On social media, the initial reaction to Emma from travel writers, bloggers and influencers has been decidedly negative. “Today @germanytourism hard-launched their new campaign, featuring an AI influencer showcasing AI-generated Germany,” Chris Dubin, an American content creator based in Geneva, posted on Threads. “Seriously WHAT were they thinking? It’s disturbing on SO many levels. And no—not all publicity is good publicity.” To which the Canadian travel blogger Claudia Laroye responded, “Just nein!”
Travelers and content creators have flocked to Emma’s Instagram feed to share their disbelief and anger. “I’m sorry but nobody wants to watch a fake AI person in a fake AI version of Germany for travel tips or inspiration,” wrote one user. Another posted, “Please use real people with real passion for Germany.”
Emma provided both users (and dozens more) with an identical response: “With the launch of Emma as our AI influencer, we’re taking an exciting step in our digital strategy!” (Yes, Emma tends to refer to herself in the third person.)

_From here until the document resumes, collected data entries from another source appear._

Lemma dtrans_sum_inv X Y th Q : dtrans b (Sum X Y) th Q ->
  (exists t X', th = PSum SL t /\ Q = Sum X' Y /\ dtrans b X t X' /\ std Y) \/
  (exists t Y', th = PSum SR t /\ Q = Sum X Y' /\ dtrans b Y t Y' /\ std X).
Proof. destruct b; simpl; intro H; inversion H; subst; eauto 10. Qed.

Lemma dtrans_par_inv X Y th Q : dtrans b (Par X Y) th Q ->
  (exists t X', th = PPar SL t /\ Q = Par X' Y /\ dtrans b X t X' /\ ~ In (pkey t) (keys Y)) \/
  (exists t Y', th = PPar SR t /\ Q = Par X Y' /\ dtrans b Y t Y' /\ ~ In (pkey t) (keys X)) \/
  (exists tL tR X' Y' l, th = PSyn tL tR /\ Q = Par X' Y' /\ dtrans b X tL X' /\
     dtrans b Y tR Y' /\ pact tL = AL l /\ pact tR = AL (compl l) /\ pkey tL = pkey tR).
Proof. destruct b; simpl; intro H; inversion H; subst; eauto 20. Qed.

Lemma dtrans_kpre_inv a k X th Q : dtrans b (KPre a k X) th Q ->
  (exists X', Q = KPre a k X' /\ dtrans b X th X' /\ pkey th <> k) \/
  (b = false /\ th = PA a k /\ std X /\ Q = Pre a X).
Proof. destruct b; simpl; intro H; inversion H; subst; eauto 10. Qed.

End DtransRules.

Definition diamond (P : proc) : Prop :=
  forall b b' th th' Q R, pind th th' -> dtrans b P th Q -> dtrans b' P th' R ->
  exists S, dtrans b' Q th' S /\ dtrans b R th S.

Lemma diamond_res X l : diamond X -> diamond (Res X l).
Proof.
  intros DX b b' th th' Q R Hp H1 H2.
  destruct (dtrans_res_inv H1) as (X1 & -> & HX1 & A1 & B1).
  destruct (dtrans_res_inv H2) as (X2 & -> & HX2 & A2 & B2).
  destruct (DX _ _ _ _ _ _ Hp HX1 HX2) as (S & U1 & U2).
  exists (Res S l); split; apply dtrans_res; assumption.
Qed.

Lemma diamond_sum X Y : diamond X -> diamond Y -> diamond (Sum X Y).
Proof.
  intros DX DY b b' th th' Q R Hp H1 H2.
  destruct (dtrans_sum_inv H1) as [(t & X1 & -> & -> & HX1 & S1) | (t & Y1 & -> & -> & HY1 & S1)];
  destruct (dtrans_sum_inv H2) as [(t' & X2 & -> & -> & HX2 & S2) | (t' & Y2 & -> & -> & HY2 & S2)];
  inversion Hp; subst.
  - destruct (DX _ _ _ _ _ _ ltac:(eassumption) HX1 HX2) as (S & U1 & U2).
    exists (Sum S Y); split; apply dtrans_sumL; assumption.
  - destruct (DY _ _ _ _ _ _ ltac:(eassumption) HY1 HY2) as (S & U1 & U2).
    exists (Sum X S); split; apply dtrans_sumR; assumption.
Qed.

Lemma diamond_kpre a k X : diamond X -> diamond (KPre a k X).
Proof.
  intros DX b b' th th' Q R Hp H1 H2.
  destruct (dtrans_kpre_inv H1) as [(X1 & -> & HX1 & N1) | (_ & -> & _)]; [| inversion Hp].
  destruct (dtrans_kpre_inv H2) as [(X2 & -> & HX2 & N2) | (_ & -> & _)]; [| inversion Hp].
  destruct (DX _ _ _ _ _ _ Hp HX1 HX2) as (S & U1 & U2).
  exists (KPre a k S); split; apply dtrans_kpre; assumption.
Qed.

Lemma par_square_sides b b' X X1 Y Y2 t t' :
  dtrans b X t X1 -> dtrans b' Y t' Y2 -> pkey t <> pkey t' ->
  ~ In (pkey t) (keys Y) -> ~ In (pkey t') (keys X) ->
  dtrans b' (Par X1 Y) (PPar SR t') (Par X1 Y2) /\ dtrans b (Par X Y2) (PPar SL t) (Par X1 Y2).
Proof.
  intros HX HY Hk NY NX; split.
  - apply dtrans_parR; [assumption | exact (dtrans_key_notin HX (not_eq_sym Hk) NX)].
  - apply dtrans_parL; [assumption | exact (dtrans_key_notin HY Hk NY)].
Qed.

Lemma diamond_par_left_syn X Y b b' t tL tR l X1 X2 Y2 :
  diamond X -> pind t tL -> dtrans b X t X1 -> ~ In (pkey t) (keys Y) ->
  dtrans b' X tL X2 -> dtrans b' Y tR Y2 ->
  pact tL = AL l -> pact tR = AL (compl l) -> pkey tL = pkey tR ->
  exists S, dtrans b' (Par X1 Y) (PSyn tL tR) S /\ dtrans b (Par X2 Y2) (PPar SL t) S.
Proof.
  intros DX Hp HX1 N1 HX2 HY2 A B K.
  destruct (DX _ _ _ _ _ _ Hp HX1 HX2) as (S & U1 & U2).
  exists (Par S Y2); split.
  - exact (dtrans_syn U1 HY2 A B K).
  - apply dtrans_parL; [assumption |].
    apply (dtrans_key_notin HY2); [| assumption].
    rewrite <- K; exact (square_keys_neq HX1 HX2 U1).
Qed.

Lemma diamond_par_right_syn X Y b b' t tL tR l Y1 X2 Y2 :
  diamond Y -> pind t tR -> dtrans b Y t Y1 -> ~ In (pkey t) (keys X) ->
  dtrans b' X tL X2 -> dtrans b' Y tR Y2 ->
  pact tL = AL l -> pact tR = AL (compl l) -> pkey tL = pkey tR ->
  exists S, dtrans b' (Par X Y1) (PSyn tL tR) S /\ dtrans b (Par X2 Y2) (PPar SR t) S.
Proof.
  intros DY Hp HY1 N1 HX2 HY2 A B K.
  destruct (DY _ _ _ _ _ _ Hp HY1 HY2) as (S & U1 & U2).
  exists (Par X2 S); split.
  - exact (dtrans_syn HX2 U1 A B K).
  - apply dtrans_parR; [assumption |].
    apply (dtrans_key_notin HX2); [| assumption].
    rewrite K; exact (square_keys_neq HY1 HY2 U1).
Qed.

Lemma diamond_par X Y : diamond X -> diamond Y -> diamond (Par X Y).
Proof.
  intros DX DY b b' th th' Q R Hp H1 H2.
  destruct (dtrans_par_inv H1) as
    [(t & X1 & -> & -> & HX1 & N1) | [(t & Y1 & -> & -> & HY1 & N1) |
     (tL & tR & X1 & Y1 & l & -> & -> & HX1 & HY1 & A1 & B1 & K1)]];
  destruct (dtrans_par_inv H2) as
    [(t' & X2 & -> & -> & HX2 & N2) | [(t' & Y2 & -> & -> & HY2 & N2) |
     (tL' & tR' & X2 & Y2 & l' & -> & -> & HX2 & HY2 & A2 & B2 & K2)]];
  inversion Hp as [| ? ? ? Hp' | ? ? ? Hk | ? ? ? ? Hp' | ? ? ? ? Hp' | ? ? ? ? HpL HpR];
  subst; simpl in *.
  - destruct (DX _ _ _ _ _ _ Hp' HX1 HX2) as (S & U1 & U2).
    exists (Par S Y); split; apply dtrans_parL; assumption.
  - exists (Par X1 Y2); exact (par_square_sides HX1 HY2 Hk N1 N2).
  - exact (diamond_par_left_syn DX Hp' HX1 N1 HX2 HY2 A2 B2 K2).
  - destruct (par_square_sides HX2 HY1 (not_eq_sym Hk) N2 N1).
    exists (Par X2 Y1); split; assumption.
  - destruct (DY _ _ _ _ _ _ Hp' HY1 HY2) as (S & U1 & U2).
    exists (Par X S); split; apply dtrans_parR; assumption.
  - exact (diamond_par_right_syn DY Hp' HY1 N1 HX2 HY2 A2 B2 K2).
  - destruct (diamond_par_left_syn DX (pind_sym Hp') HX2 N2 HX1 HY1 A1 B1 K1) as (S & U1 & U2).
    exists S; split; assumption.
  - destruct (diamond_par_right_syn DY (pind_sym Hp') HY2 N2 HX1 HY1 A1 B1 K1) as (S & U1 & U2).
    exists S; split; assumption.
  - destruct (DX _ _ _ _ _ _ HpL HX1 HX2) as (S & U1 & U2).
    destruct (DY _ _ _ _ _ _ HpR HY1 HY2) as (S' & U1' & U2').
    exists (Par S S'); split; eapply dtrans_syn; eassumption.
Qed.

Lemma pind_square b b' P th th' Q R :
  pind th th' -> dtrans b P th Q -> dtrans b' P th' R ->
  exists S, dtrans b' Q th' S /\ dtrans b R th S.
Proof.
  revert b b' th th' Q R.
  induction P as [| a X _ | X IHX l | X IHX Y IHY | X IHX Y IHY | a k X IHX].
  - intros b b' th th' Q R _ H1; destruct (dtrans_nil_inv H1).
  - intros b b' th th' Q R Hp H1; destruct (dtrans_pre_inv H1) as (? & ? & ->); inversion Hp.
  - exact (diamond_res IHX).
  - exact (diamond_sum IHX IHY).
  - exact (diamond_par IHX IHY).
  - exact (diamond_kpre IHX).
Qed.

“Emma misspelt ‘together’ in the captions,” posted paperboyo, a popular visual content creator with over 525,000 Instagram followers. “Careful that she doesn’t mistakenly recommend Butlins instead of Berlin, or Lipstick instead of Leipzig.”
Germany’s tourism board isn’t the first to tout an AI influencer. Last year, a marketing campaign from Italy’s tourism ministry touted bringing Botticelli’s Venus to digital life as a “virtual influencer” with the help of AI. But the campaign seems to have fallen flat. (Literally, she’s now a two-dimensional illustration with an Instagram account.) Venere Italia now has 241,000 followers but her posts typically garner engagement in the single digits, and mainly in Italian.
As for Emma, early critics are calling her out for a lack of authenticity. “Using AI to promote your country creates a fake vibe,” wrote one Instagram user. Another quipped, “She is missing a finger on the coffee cup. Must be from Saarland.”
Emma responded promptly with her usual perkiness. “Thank you for your feedback! Since I’m AI, small details can sometimes vary.”